Mentality Shift

Learning that: The virtual is real

As Christians, it should be a given that many of the most important aspects of the reality exceed what can physically be seen. In practice, however, we quickly lose track of this insight. Too often if we cannot see something we dismiss it or are completely unaware of it. This is true of a wide range of issues, but this month I wish to focus on online participation in worship. So far this calendar year, our online participation numbers have been roughly equal to our in-person participation numbers. In other words, the people you see assembled in worship have been roughly half of the congregation gathered for worship. The rest of the assembly is online. Some participate simultaneously with the in-person gathering, but most participate within the next 24 hours after in-person worship happens. While I am writing this before the end of the summer, it is tracking that an even higher percentage is participating online this summer. In fact, accounting for both in-person and online views it may be that worship attendance this summer will be at its highest in about two decades, with numbers similar to those of 2002. Given this level of worship participation, we need to understand being online is a real form of worship.
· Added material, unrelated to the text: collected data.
(* Consider a point $x^*$ with associated class $y^*$ and a perturbation radius $\epsilon>0$. Assume that $\operatorname{arg\,max}_{c \in \{1,\ldots,C\} } \hat{\mathbb{E}}^N_{IBP,\epsilon}(x^* ) = y^*$. Then \[ \operatorname{arg\,max}_{c \in \{1,\ldots,C\} } \hat{\mathbb{E}}^N(\bar{x}) = y^* \quad \text{for all } \bar{x} \text{ such that } |x^*-\bar{x}| \leq \epsilon. \] As a consequence, given test points $x_i^*$ with class labels $y_i^*$, $i=1,\ldots,m$, the robust accuracy satisfies \[ \mathcal{R}_\epsilon \geq \frac{1}{m}\sum_{i=1}^m \mathbb{I}\left[ \operatorname{arg\,max}_{c \in \{1,\ldots,C\} } \hat{\mathbb{E}}^N_{IBP,\epsilon}(x_i^* ) = y_i^* \right]=:\mathcal{R}_\epsilon^{IBP}. \]
   Context: A neural network $f^w:\mathbb{R}^n\to\mathbb{R}^C$ with weights $w$ is given, with a (approximate) posterior over weights $p(w\mid\mathcal{D})$. With $w_1,\dots,w_N$ fixed samples from the posterior and $\sigma$ the softmax, the empirical predictor is $\hat{\mathbb{E}}^N(x)=\frac1N\sum_{i=1}^N\sigma(f^{w_i}(x))$, and the predicted class is its argmax. For $\epsilon>0$ and a given norm $|\cdot|$ (an $\ell_\infty$-ball for IBP), the robust accuracy on test points $x_i^*$ with labels $c_i^*$ is $\mathcal{R}_\epsilon=\frac1m\sum_{i=1}^m\mathbb{I}[\forall \bar x \text{ with } |x_i^*-\bar x|\le\epsilon:\ \operatorname{arg\,max}_c \hat{\mathbb{E}}^N(\bar x)=c_i^*]$, where $\mathbb{I}[\cdot]$ is the indicator. Interval Bound Propagation (IBP) applied to the network with weights $w$ and the $\epsilon$-ball around $x$ yields logit bounds $f^{w,L,\epsilon}\le f^w(x')\le f^{w,U,\epsilon}$ valid for all $x'$ in the ball (propagating centre $\hat\mu_k=(\phi^U_{k-1}+\phi^L_{k-1})/2$ and radius $\hat r_k=(\phi^U_{k-1}-\phi^L_{k-1})/2$ through each layer as $\mu_k=W_{k-1}\hat\mu_k+b_{k-1}$, $r_k=|W_{k-1}|\hat r_k$, bounds $\mu_k\pm r_k$, then through the monotone activation). For true class $y$ define $f^{w,\epsilon}_{LB}(x)$ with $j$-th entry $f^{w,U,\epsilon}_j$ if $j\ne y$ and $f^{w,L,\epsilon}_j$ if $j=y$; for $c'\ne y$ define $f^{w,\epsilon,c'}_{UB}(x)$ with $j$-th entry $f^{w,L,\epsilon}_j$ if $j\ne c'$ and $f^{w,U,\epsilon}_j$ if $j=c'$. Set $\hat{\mathbb{E}}^{N,\epsilon}_{y,LB}=\frac1N\sum_i\sigma_y(f^{w_i,\epsilon}_{LB}(x))$ and $\hat{\mathbb{E}}^{N,\epsilon}_{c',UB}=\frac1N\sum_i\sigma_{c'}(f^{w_i,\epsilon,c'}_{UB}(x))$. The worst-case IBP predictor $\hat{\mathbb{E}}^N_{IBP,\epsilon}(x)\in\mathbb{R}^C$ has $y$-th entry $\hat{\mathbb{E}}^{N,\epsilon}_{y,LB}$ and $c'$-th entry $\hat{\mathbb{E}}^{N,\epsilon}_{c',UB}$ for $c'\ne y$. *)

From HB Require Import structures.
From mathcomp Require Import all_boot all_order all_algebra.
From mathcomp Require Import all_classical all_reals all_analysis.
Set Implicit Arguments. Unset Strict Implicit. Unset Printing Implicit Defensive.
Import Order.TTheory GRing.Theory Num.Theory.
Local Open Scope ring_scope.

(* The output layer is
   expressed by choosing the identity as activation (or any activation);
   NOut is the empty network (identity). *)
Inductive net (R : Type) : nat -> nat -> Type :=
| NOut n : net R n n
| NLay n k m : 'M[R]_(k, n) -> 'cV[R]_k -> (R -> R) -> net R k m -> net R n m.
Arguments NOut {R n}.
Arguments NLay {R n k m}.

Fixpoint net_eval {R : pzRingType} {n m} (f : net R n m) : 'cV[R]_n -> 'cV[R]_m :=
  match f in net _ n m return 'cV[R]_n -> 'cV[R]_m with
  | NOut _ => fun x => x
  | NLay _ _ _ W b a g => fun x => net_eval g (map_mx a (W *m x + b))
  end.

Fixpoint net_mono {R : numDomainType} {n m} (f : net R n m) : Prop :=
  match f with
  | NOut _ => True
  | NLay _ _ _ W b a g => {homo a : s t / s <= t} /\ net_mono g
  end.

Fixpoint ibp {R : numFieldType} {n m} (f : net R n m) :
    'cV[R]_n -> 'cV[R]_n -> 'cV[R]_m * 'cV[R]_m :=
  match f in net _ n m return 'cV[R]_n -> 'cV[R]_n -> 'cV[R]_m * 'cV[R]_m with
  | NOut _ => fun l u => (l, u)
  | NLay _ _ _ W b a g => fun l u =>
      let mu := (2%:R)^-1 *: (u + l) in
      let r := (2%:R)^-1 *: (u - l) in
      let muk := W *m mu + b in
      let rk := map_mx Num.norm W *m r in
      ibp g (map_mx a (muk - rk)) (map_mx a (muk + rk))
  end.

Definition ibp_ball {R : numFieldType} {n m} (f : net R n m) (x : 'cV[R]_n) (eps : R) :=
  ibp f (x - const_mx eps) (x + const_mx eps).

Definition linf_ball {R : numDomainType} {n} (x xb : 'cV[R]_n) (eps : R) : Prop :=
  forall i, `|x i 0 - xb i 0| <= eps.

Definition softmax {R : realType} {C} (z : 'cV[R]_C) (j : 'I_C) : R :=
  expR (z j 0) / \sum_(k < C) expR (z k 0).

Definition Ehat {R : realType} {n C N} (ws : 'I_N -> net R n C) (x : 'cV[R]_n)
  (c : 'I_C) : R :=
  N%:R^-1 * \sum_(i < N) softmax (net_eval (ws i) x) c.

Definition f_LB {R : realType} {n C} (f : net R n C) (x : 'cV[R]_n) (eps : R)
  (y : 'I_C) : 'cV[R]_C :=
  \col_j (if j == y then (ibp_ball f x eps).1 j 0 else (ibp_ball f x eps).2 j 0).

Definition f_UB {R : realType} {n C} (f : net R n C) (x : 'cV[R]_n) (eps : R)
  (c' : 'I_C) : 'cV[R]_C :=
  \col_j (if j == c' then (ibp_ball f x eps).2 j 0 else (ibp_ball f x eps).1 j 0).

Definition Ehat_IBP {R : realType} {n C N} (ws : 'I_N -> net R n C)
  (x : 'cV[R]_n) (eps : R) (y : 'I_C) (c : 'I_C) : R :=
  if c == y then N%:R^-1 * \sum_(i < N) softmax (f_LB (ws i) x eps y) y
  else N%:R^-1 * \sum_(i < N) softmax (f_UB (ws i) x eps c) c.

Definition argmax_is {C} {R : numDomainType} (v : 'I_C -> R) (y : 'I_C) : Prop :=
  forall c, c != y -> v c < v y.

Definition ind {R : numDomainType} (P : Prop) : R := (asbool P)%:R.

Definition robust_acc {R : realType} {n C N m} (ws : 'I_N -> net R n C)
  (eps : R) (xs : 'I_m -> 'cV[R]_n) (ys : 'I_m -> 'I_C) : R :=
  m%:R^-1 * \sum_(i < m)
    ind (forall xb, linf_ball (xs i) xb eps -> argmax_is (Ehat ws xb) (ys i)).

Definition robust_acc_IBP {R : realType} {n C N m} (ws : 'I_N -> net R n C)
  (eps : R) (xs : 'I_m -> 'cV[R]_n) (ys : 'I_m -> 'I_C) : R :=
  m%:R^-1 * \sum_(i < m) ind (argmax_is (Ehat_IBP ws (xs i) eps (ys i)) (ys i)).

(** IBP propagates, for every weight sample, entrywise logit bounds valid on the
    whole eps-ball; interval arithmetic for an affine layer is the triangle
    inequality [|W x - W mu| <= |W| |x - mu|], and monotone activations preserve
    order.  Softmax at a class increases with its own logit and decreases with
    the others, so the worst-case IBP predictor bounds the empirical predictor
    from below at the true class and from above at every other class; a
    certified argmax is therefore the argmax everywhere on the ball. *)
From mathcomp Require Import all_boot all_order all_algebra.
From mathcomp Require Import all_classical all_reals all_analysis.
From mathcomp Require Import lra.
Set Implicit Arguments. Unset Strict Implicit. Unset Printing Implicit Defensive.
Import Order.TTheory GRing.Theory Num.Theory.
Local Open Scope ring_scope.

Lemma ler_mulmx_norm_dist (R : numDomainType) k n (W : 'M[R]_(k, n))
    (x mu r : 'cV[R]_n) :
  (forall j, `|x j 0 - mu j 0| <= r j 0) ->
  forall i, `|(W *m x) i 0 - (W *m mu) i 0| <= (map_mx Num.norm W *m r) i 0.
Proof.
move=> hxr i; rewrite !mxE -sumrB; apply: le_trans (ler_norm_sum _ _ _) _.
apply: ler_sum => j _; rewrite !mxE -mulrBr normrM.
exact: ler_wpM2l.
Qed.

Lemma dist_midpoint_le (R : realFieldType) (l x u : R) :
  l <= x <= u -> `|x - 2%:R^-1 * (u + l)| <= 2%:R^-1 * (u - l).
Proof. by case/andP=> hl hu; rewrite ler_norml; apply/andP; split; lra. Qed.

Lemma ibp_sound (R : realFieldType) n m (f : net R n m) : net_mono f ->
  forall l u x : 'cV[R]_n, (forall i, l i 0 <= x i 0 <= u i 0) ->
  forall j, (ibp f l u).1 j 0 <= net_eval f x j 0 <= (ibp f l u).2 j 0.
Proof.
elim: f => [//|n0 k m0 W b a g IH] /= [a_mono g_mono] l u x hx.
apply: IH => // i.
have hdist : forall j, `|x j 0 - (2%:R^-1 *: (u + l)) j 0|
                       <= (2%:R^-1 *: (u - l)) j 0.
  by move=> j; rewrite !mxE; apply: dist_midpoint_le.
move: (ler_mulmx_norm_dist W hdist i); rewrite ler_norml => /andP [h1 h2].
by rewrite !mxE in h1 h2 *; apply/andP; split; apply: a_mono; lra.
Qed.

Lemma ibp_ball_sound (R : realFieldType) n m (f : net R n m)
    (x xb : 'cV[R]_n) (eps : R) :
  net_mono f -> linf_ball x xb eps ->
  forall j, (ibp_ball f x eps).1 j 0 <= net_eval f xb j 0
            <= (ibp_ball f x eps).2 j 0.
Proof.
move=> f_mono hball; apply: ibp_sound => // i.
by move: (hball i); rewrite ler_norml !mxE => /andP [h1 h2]; apply/andP; split; lra.
Qed.

Lemma ler_softmax (R : realType) C (w z : 'cV[R]_C) (y : 'I_C) :
  w y 0 <= z y 0 -> (forall j, j != y -> z j 0 <= w j 0) ->
  softmax w y <= softmax z y.
Proof.
move=> hy hj; rewrite /softmax (bigD1 y) //= [X in _ <= _ / X](bigD1 y) //=.
set a' := expR (w y 0); set a := expR (z y 0).
set s' := \sum_(i < C | i != y) expR (w i 0).
set s := \sum_(i < C | i != y) expR (z i 0).
have ha' : 0 < a' by apply: expR_gt0.
have haa : a' <= a by rewrite ler_expR.
have hs : 0 <= s by apply: sumr_ge0 => i _; apply: expR_ge0.
have hss : s <= s' by apply: ler_sum => i hi; rewrite ler_expR; apply: hj.
rewrite ler_pdivrMr; last by lra.
rewrite mulrAC ler_pdivlMr; last by lra.
nra.
Qed.

Section EmpiricalPredictorBounds.
Variables (R : realType) (n C N : nat) (ws : 'I_N -> net R n C).
Hypothesis ws_mono : forall i, net_mono (ws i).
Variables (x xb : 'cV[R]_n) (eps : R) (y : 'I_C).
Hypothesis xb_in_ball : linf_ball x xb eps.

Let ler_mean (F G : 'I_N -> R) :
  (forall i, F i <= G i) -> N%:R^-1 * \sum_i F i <= N%:R^-1 * \sum_i G i.
Proof. by move=> hFG; apply: ler_wpM2l; [rewrite invr_ge0|apply: ler_sum]. Qed.

Lemma Ehat_IBP_le_Ehat : Ehat_IBP ws x eps y y <= Ehat ws xb y.
Proof.
rewrite /Ehat_IBP eqxx; apply: ler_mean => i.
have hb := ibp_ball_sound (ws_mono i) xb_in_ball.
apply: ler_softmax => [|j hj]; rewrite mxE ?eqxx ?(negbTE hj).
- by case/andP: (hb y).
- by case/andP: (hb j).
Qed.

Lemma Ehat_le_Ehat_IBP c : c != y -> Ehat ws xb c <= Ehat_IBP ws x eps y c.
Proof.
move=> hc; rewrite /Ehat_IBP (negbTE hc); apply: ler_mean => i.
have hb := ibp_ball_sound (ws_mono i) xb_in_ball.
apply: ler_softmax => [|j hj]; rewrite mxE ?eqxx ?(negbTE hj).
- by case/andP: (hb c).
- by case/andP: (hb j).
Qed.

Lemma argmax_Ehat_IBP_robust :
  argmax_is (Ehat_IBP ws x eps y) y -> argmax_is (Ehat ws xb) y.
Proof.
move=> hcert c hc; apply: le_lt_trans (Ehat_le_Ehat_IBP hc) _.
exact: lt_le_trans (hcert c hc) Ehat_IBP_le_Ehat.
Qed.

End EmpiricalPredictorBounds.

Lemma ler_ind (R : numDomainType) (P Q : Prop) : (P -> Q) -> ind P <= ind Q :> R.
Proof. by move=> hPQ; rewrite /ind; case: asboolP => [/hPQ/asboolT ->|]. Qed.

Theorem theorem1 (R : realType) (n C N : nat) (ws : 'I_N -> net R n C)
  (hmono : forall i, net_mono (ws i)) (eps : R) (heps : 0 < eps) :
  (forall (xs : 'cV[R]_n) (ys : 'I_C),
     argmax_is (Ehat_IBP ws xs eps ys) ys ->
     forall xb : 'cV[R]_n, linf_ball xs xb eps -> argmax_is (Ehat ws xb) ys)
  /\
  (forall (m : nat) (xs : 'I_m -> 'cV[R]_n) (ys : 'I_m -> 'I_C),
     robust_acc_IBP ws eps xs ys <= robust_acc ws eps xs ys).
Proof.
have robust xs ys : argmax_is (Ehat_IBP ws xs eps ys) ys ->
    forall xb, linf_ball xs xb eps -> argmax_is (Ehat ws xb) ys.
  by move=> hcert xb hball; exact: argmax_Ehat_IBP_robust hcert.
split=> // m xs ys; apply: ler_wpM2l; first by rewrite invr_ge0.
by apply: ler_sum => i _; apply: ler_ind; apply: robust.
Qed.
The word “virtual” can have for some people the connotation of being artificial or less real than an original. Lutheran theologian Deanna Thompson, however, suggests that we think of the “virtual” as a framework we can use to make sense of reality. It is more an addition to our physical ways of experiencing the world than an attempt to replace it. Personally I prefer to speak of “online participation” in regard to worship to emphasize that as we participate in worship online we are truly worshipping, just as it is our participation when we are in-person that transforms our actions into true worship. When we think of worship as participation we can then ask what ways we have to enhance participation in the in-person experience of worship as well as what approaches might help enhance the online participation in worship. The two are slightly different approaches or frameworks for experiencing worship and so may need some slightly different tactics, but the participation is equally real in both cases.